== Exercise ==
Show each line of the records below where the word "edestruct" occurs.

Data records
Lemma lvl_str_El_pi_commute M l' lA lB A B : is_level l' -> is_level lA -> is_level lB ->
  lvl_str M (tEl l' (tpi lA lB A B)) -> exists M', red1 sig M M' /\
    lvl_eq M' (Pi Ord (tEl lA A) (tEl (lift Ord 0 lB) (App (lift Ord 0 B) (Var 0)))).
Proof.
  intros Hl' HlA HlB HM; unfold tEl, tpi in HM.
  apply lvl_str_app_inv in HM as [X [Y [-> [HX HY]]]]; [| not_level].
  apply lvl_str_app_inv in HX as [X0 [Z [-> [HX0 HZ]]]]; [| not_level].
  apply lvl_str_const_inv in HX0; [subst X0 | not_level].
  apply lvl_str_app_inv in HY as [X1 [B1 [-> [HX1 HB1]]]]; [| not_level].
  apply lvl_str_app_inv in HX1 as [X2 [A1 [-> [HX2 HA1]]]]; [| not_level].
  apply lvl_str_app_inv in HX2 as [X3 [mB [-> [HX3 HmB]]]]; [| not_level].
  apply lvl_str_app_inv in HX3 as [X4 [mA [-> [HX4 HmA]]]]; [| not_level].
  apply lvl_str_const_inv in HX4; [subst X4 | not_level].
  exists (Pi Ord (tEl mA A1) (tEl (lift Ord 0 mB) (App (lift Ord 0 B1) (Var 0)))).
  split; [apply r_El_pi; level_of_str |].
  unfold tEl; repeat first [ apply le_refl | apply le_app | apply le_pi | apply lvl_eq_lift
                           | apply lvl_str_sound; assumption ].
Qed.

Lemma lvl_str_red1_commute M N : lvl_str M N -> forall N', red1 sig N N' ->
  exists M', red1 sig M M' /\ lvl_eq M' N'.
Proof.
  induction 1 as [M N HM HN HMN| | |M M' N N' HMM' IH1 HNN' IH2|k A A' M M' HAA' IH1 HMM' IH2
    |k A A' B B' HAA' IH1 HBB' IH2| |]; intros N2 HR.
  - exfalso; eapply level_normal; eauto.
  - inversion HR.
  - exists N2; split; [exact HR | apply le_refl].
  - inversion HR; subst.
    + apply lvl_str_lam_inv in HMM' as [A1 [P1 [-> [HA HP]]]].
      eexists; split; [apply r_beta_ord |].
      apply lvl_eq_subst; try apply lvl_str_sound; auto. discriminate.
    + apply lvl_str_lam_inv in HMM' as [A1 [P1 [-> [HA HP]]]].
      assert (is_level N) by level_of_str.
      eexists; split; [apply r_beta_lev; auto |].
      apply lvl_eq_subst; try apply lvl_str_sound; auto.
    + eapply lvl_str_El_u_commute; [| | apply ls_app; eassumption]; assumption.
    + eapply lvl_str_El_pi_commute; [| | | apply ls_app; eassumption]; assumption.
    + edestruct IH1 as [M1 [HR1 HE1]]; [eassumption |].
      exists (App M1 N); split; [apply r_appl; auto | apply le_app; auto using lvl_str_sound].
    + edestruct IH2 as [N1 [HR1 HE1]]; [eassumption |].
      exists (App M N1); split; [apply r_appr; auto | apply le_app; auto using lvl_str_sound].
  - inversion HR; subst.
    + edestruct IH1 as [A2 [HR1 HE1]]; [eassumption |].
      exists (Lam k A2 M); split; [apply r_lam_ty; auto | apply le_lam; auto using lvl_str_sound].
    + edestruct IH2 as [M2 [HR1 HE1]]; [eassumption |].
      exists (Lam k A M2); split; [apply r_lam_bd; auto | apply le_lam; auto using lvl_str_sound].
  - inversion HR; subst.
    + edestruct IH1 as [A2 [HR1 HE1]]; [eassumption |].
      exists (Pi k A2 B); split; [apply r_pi_ty; auto | apply le_pi; auto using lvl_str_sound].
    + edestruct IH2 as [B2 [HR1 HE1]]; [eassumption |].
      exists (Pi k A B2); split; [apply r_pi_bd; auto | apply le_pi; auto using lvl_str_sound].
  - inversion HR.
  - inversion HR.
Qed.

End Commutation.

Lemma lvl_eq_red1_commute sig M N N' : lvl_eq M N -> red1 sig N N' ->
  exists M', red1 sig M M' /\ lvl_eq M' N'.
Proof. intros HMN; apply lvl_str_red1_commute, lvl_eq_str, HMN. Qed.

Lemma lvl_eq_red_star_commute sig N N' : red_star sig N N' -> forall M, lvl_eq M N ->
  exists M', red_star sig M M' /\ lvl_eq M' N'.
Proof.
  induction 1 as [N N' HR | N | N N1 N' _ IH1 _ IH2]; intros M HMN.
  - destruct (lvl_eq_red1_commute sig M N N' HMN HR) as [M' [HM' HE]].
    exists M'; split; [apply rt_step |]; auto.
  - exists M; split; [apply rt_refl | exact HMN].
  - destruct (IH1 M HMN) as [M1 [HM1 HE1]].
    destruct (IH2 M1 HE1) as [M' [HM' HE']].
    exists M'; split; [eapply rt_trans |]; eauto.
Qed.

Lemma conv_red_star_join sig : confluent (red1 sig) ->
  forall M N, conv sig M N ->
  exists M' N', red_star sig M M' /\ red_star sig N N' /\ lvl_eq M' N'.
Proof.
  intros Hconf M N H; induction H as [M N [HR | HE] | M | M N _ IH | M N P _ IH1 _ IH2].
  - exists N, N; repeat split; [apply rt_step; auto | apply rt_refl | apply le_refl].
  - exists M, N; repeat split; [apply rt_refl | apply rt_refl | exact HE].
  - exists M, M; repeat split; [apply rt_refl | apply rt_refl | apply le_refl].
  - destruct IH as [M' [N' [HM [HN HE]]]].
    exists N', M'; repeat split; auto using le_sym.
  - destruct IH1 as [M1 [N1 [HM [HN1 HE1]]]].
    destruct IH2 as [N2 [P1 [HN2 [HP HE2]]]].
    destruct (Hconf N N1 N2 HN1 HN2) as [Q [HN1Q HN2Q]].
    destruct (lvl_eq_red_star_commute sig N1 Q HN1Q M1 HE1) as [M' [HM' HEM]].
    destruct (lvl_eq_red_star_commute sig N2 Q HN2Q P1 (le_sym _ _ HE2)) as [P' [HP' HEP]].
    exists M', P'; repeat split; [eapply rt_trans; eauto | eapply rt_trans; eauto |].
    eapply le_trans; [exact HEM | apply le_sym; exact HEP].
Qed.

Theorem mainTheorem3 (sig : signature)
  (sig_finite : exists b, forall n, b <= n -> sig n = None)
  (sig_closed : forall n A M, sig n = Some (A, M) -> closed M) :
  confluent (red1 sig) /\
  (forall M N N', lvl_eq M N -> red1 sig N N' ->
     exists M', red1 sig M M' /\ lvl_eq M' N') /\
  (forall M N, conv sig M N ->
     exists M' N', red_star sig M M' /\ red_star sig N N' /\ lvl_eq M' N').
Proof.
  pose proof (red1_confluent sig sig_closed) as Hconf.
  split; [exact Hconf | split].
  - exact (lvl_eq_red1_commute sig).
  - exact (conv_red_star_join sig Hconf).
Qed.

== Task result ==
    + edestruct IH1 as [M1 [HR1 HE1]]; [eassumption |].
    + edestruct IH2 as [N1 [HR1 HE1]]; [eassumption |].
    + edestruct IH1 as [A2 [HR1 HE1]]; [eassumption |].
    + edestruct IH2 as [M2 [HR1 HE1]]; [eassumption |].
    + edestruct IH1 as [A2 [HR1 HE1]]; [eassumption |].
    + edestruct IH2 as [B2 [HR1 HE1]]; [eassumption |].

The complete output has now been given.